The public dangers from fracking include possible poisoning of ground water, house explosions and caustic air pollution. Of course, there is also the real possibility that none of these problems will occur because adequate precautions will be taken to ensure they do not. Only an inconceivable failure of our precautionary measures would pose a real threat.

And there is the hard wire. In the wake of the ever-worsening disaster in Japan, some public policy thinkers are beginning to write about the importance and value of inconceivable failure as a planning tool. If you have time, look at this very interesting blog post title "Inconceivable ... why failure should be a part of the plan. And isn't."

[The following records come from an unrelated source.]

(* Splitting off one entry at a time, each replaced by the anchor [a]. *)
Lemma dH_le_sum_dmet (p : 'I_k -> X) a : dH p <= \sum_(i < k) dmet dH (p i) a.
Proof.
suff prefix n : (n <= k)%N ->
    dH (fun j : 'I_k => if (val j < n)%N then p j else a)
      <= \sum_(i < k | (val i < n)%N) dmet dH (p i) a.
  have := prefix k (leqnn k); rewrite (@eq_dH _ p) => [|j]; last by rewrite ltn_ord.
  by rewrite (eq_bigl xpredT) // => i; rewrite ltn_ord.
elim: n => [|n IHn] n_le_k.
  by rewrite dH_const ?sumr_ge0 // => i _; apply: dmet_ge0.
rewrite (bigD1 (Ordinal n_le_k)) //= (eq_bigl (fun i : 'I_k => (val i < n)%N)).
  rewrite addrC (le_trans (dH_prefix_step p a n_le_k)) // lerD ?dH_point_le_dmet //.
  exact/IHn/ltnW.
by move=> i; rewrite ltnS leq_eqVlt -val_eqE /=; case: ltngtP.
Qed.

Lemma dH1_le_group (F : 'I_k -> X) i j : dH1 (F i) (F j) <= gamma%:R * dH F.
Proof.
case: dH_Hmetric => _ _ _ _ [dH_sub dH_same].
have sub : range_sub (fun l : 'I_k => if val l == 0%N then F i else F j) F.
  by move=> l; case: ifP => _; [exists i | exists j].
have [/(conj sub)/dH_same //|sup] :=
  classic (range_sub F (fun l : 'I_k => if val l == 0%N then F i else F j)).
apply: le_trans (dH_sub _ _ (conj sub sup)) _.
by rewrite ler_peMl ?dH_ge0 // ler1n.
Qed.

Lemma dmet_le_group (F : 'I_k -> X) i j : dmet dH (F i) (F j) <= 2 * gamma%:R * dH F.
Proof. by rewrite -mulrA mulr2n mulrDl !mul1r lerD ?dH1_le_group. Qed.
End HMetric.

Section Partitions.
Variable T : finType.
Implicit Types (A B S : {set T}) (P : {set {set T}}).

Lemma cover_setU1 B P : cover (B |: P) = B :|: cover P.
Proof. by rewrite /cover bigcup_setU big_set1. Qed.

Lemma cardsU_disjoint A B : [disjoint A & B] -> #|A :|: B| = (#|A| + #|B|)%N.
Proof. by move=> dAB; apply/eqP; rewrite (leq_card_setU A B).2. Qed.

Variables (P : {set {set T}}) (S1 S2 : {set T}).
Hypotheses (P_trivI : trivIset P) (P_set0 : set0 \notin P).
Hypotheses (S1_P : S1 \in P) (S2_P : S2 \in P) (S1_S2 : S1 != S2).

Definition merge_blocks := (S1 :|: S2) |: (P :\ S1 :\ S2).

Lemma merge_rest_disjoint B : B \in P :\ S1 :\ S2 -> [disjoint S1 :|: S2 & B].
Proof.
rewrite !inE => /and3P[B_S2 B_S1 B_P].
rewrite -setI_eq0 setIUl !disjoint_setI0 ?setU0 //; apply: (trivIsetP P_trivI) => //.
- by rewrite eq_sym.
- by rewrite eq_sym.
Qed.

Lemma trivIset_merge : trivIset merge_blocks.
Proof.
apply: (trivIsetU1 merge_rest_disjoint _ _).1; first by rewrite !trivIsetD.
by apply: contra P_set0; rewrite !inE => /and3P[].
Qed.

Lemma merge_blocks_set0 : set0 \notin merge_blocks.
Proof.
rewrite !inE (negPf P_set0) !andbF orbF eq_sym setU_eq0.
by apply: contra P_set0 => /andP[/eqP <- _].
Qed.

Lemma cover_merge : cover merge_blocks = cover P.
Proof.
have S2_P1 : S2 \in P :\ S1 by rewrite in_setD1 eq_sym S1_S2.
have /subsetP S_cover : S1 :|: S2 \subset cover P by rewrite subUset !bigcup_sup.
rewrite cover_setU1 !coverD1 ?trivIsetD //; apply/setP => x; move: (S_cover x).
by rewrite !inE; case: (x \in S1); case: (x \in S2); case: (x \in cover P) => //= /(_ isT).
Qed.

Lemma pblock_merge x : x \in cover P ->
  pblock merge_blocks x = if x \in S1 :|: S2 then S1 :|: S2 else pblock P x.
Proof.
move=> xP; have merge_trivI := trivIset_merge.
case: ifP => xS; apply: def_pblock; rewrite ?setU11 ?mem_pblock //.
have ne_pblock S : x \notin S -> pblock P x != S.
  by apply: contraNneq => <-; rewrite mem_pblock.
move: xS; rewrite inE => /norP[xS1 xS2].
by rewrite in_setU1 !in_setD1 pblock_mem // !ne_pblock ?orbT.
Qed.

Lemma merge_blocks_coarser B : B \in P -> exists2 B', B' \in merge_blocks & B \subset B'.
Proof.
move=> BP; case: (boolP (B \in [set S1; S2])) => [/set2P BS|BS].
  by exists (S1 :|: S2); rewrite ?setU11 //; case: BS => ->; rewrite ?subsetUl ?subsetUr.
exists B => //; move: BS; rewrite !inE BP negb_or andbT => /andP[-> ->].
by rewrite orbT.
Qed.
End Partitions.

Lemma not_dvdn_cardsD (T : finType) (S N : {set T}) d :
  (d %| #|S :&: N|)%N -> (0 < #|S :\: N| < d)%N -> ~~ (d %| #|S|)%N.
Proof.
move=> dvd_SN /andP[SN_gt0 SN_lt]; rewrite -(cardsID N S) (dvdn_addr _ dvd_SN).
by apply: contraTN SN_lt => /(dvdn_leq SN_gt0); rewrite leqNgt.
Qed.

Lemma ler_sum_seq_const (R : numDomainType) (T : eqType) (s : seq T) (F : T -> R) C :
  (forall x, x \in s -> F x <= C) -> \sum_(x <- s) F x <= (size s)%:R * C.
Proof.
elim: s => [|x s IHs] le_FC; first by rewrite big_nil mul0r.
rewrite big_cons /= -add1n natrD mulrDl mul1r lerD ?le_FC ?mem_head //.
by apply: IHs => z zs; rewrite le_FC // in_cons zs orbT.
Qed.

Lemma sum_mem_card (T : finType) (A B : {set T}) : (\sum_(v in A) (v \in B))%N = #|A :&: B|.
Proof.
rewrite -sum1_card (big_mkcond (fun v => v \in A :&: B)) (big_mkcond (fun v => v \in A)).
by apply: eq_bigr => v _; rewrite inE; case: (v \in A); case: (v \in B).
Qed.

It's a pretty simple concept. Look at Japan. Ask yourself: What could they have done to prevent an earthquake and tsunami? Easy answer, right? Nothing. There is no way at all that they or we can plan ahead of or defeat Mother Nature when she decides to give us a beating.

So the idea here is that you start with that concept. Assume failure. Then work backwards. Ask yourself what you're going to do about disaster if and when it happens.

Assume we had four dozen big rigs operating in close proximity to neighborhoods.

Assume a natural disaster like tornado or flood knocks them all a-winding. Assume there is a massive incursion of chemical toxins and radioactive isotopes -- the stuff used in fracking -- into either the ground water or the public water system in Dallas, along with a plume of air pollutants.

Then ask: What could we do? What mechanisms would be in place to protect us? If the answer is that we would not be able to protect ourselves from four dozen big rigs knocked a-winding, then maybe we need to reel it back in and do the same scenario for two dozen rigs. Or six rigs. Or none. There's a difference between optimism and stupidity.

The problem with mechanical precautions is that they are sold to us by the people who want to make money off the danger. We need objective committed experts who will look at these issues and how they affect our communities the same way we would look at a threat to our own loved ones -- very, very realistically, with a whole lot of what-ifs.

That's why the task force that Hunt wants to get up and running is so important. We need experts to help us with these questions. We need a way to ensure that the experts we get are not on the take. We don't want to be 'fraidy cats. But we don't want to poison the babies.

All easier said than done. The sooner we get on it, the better. Notice I didn't even mention the levees.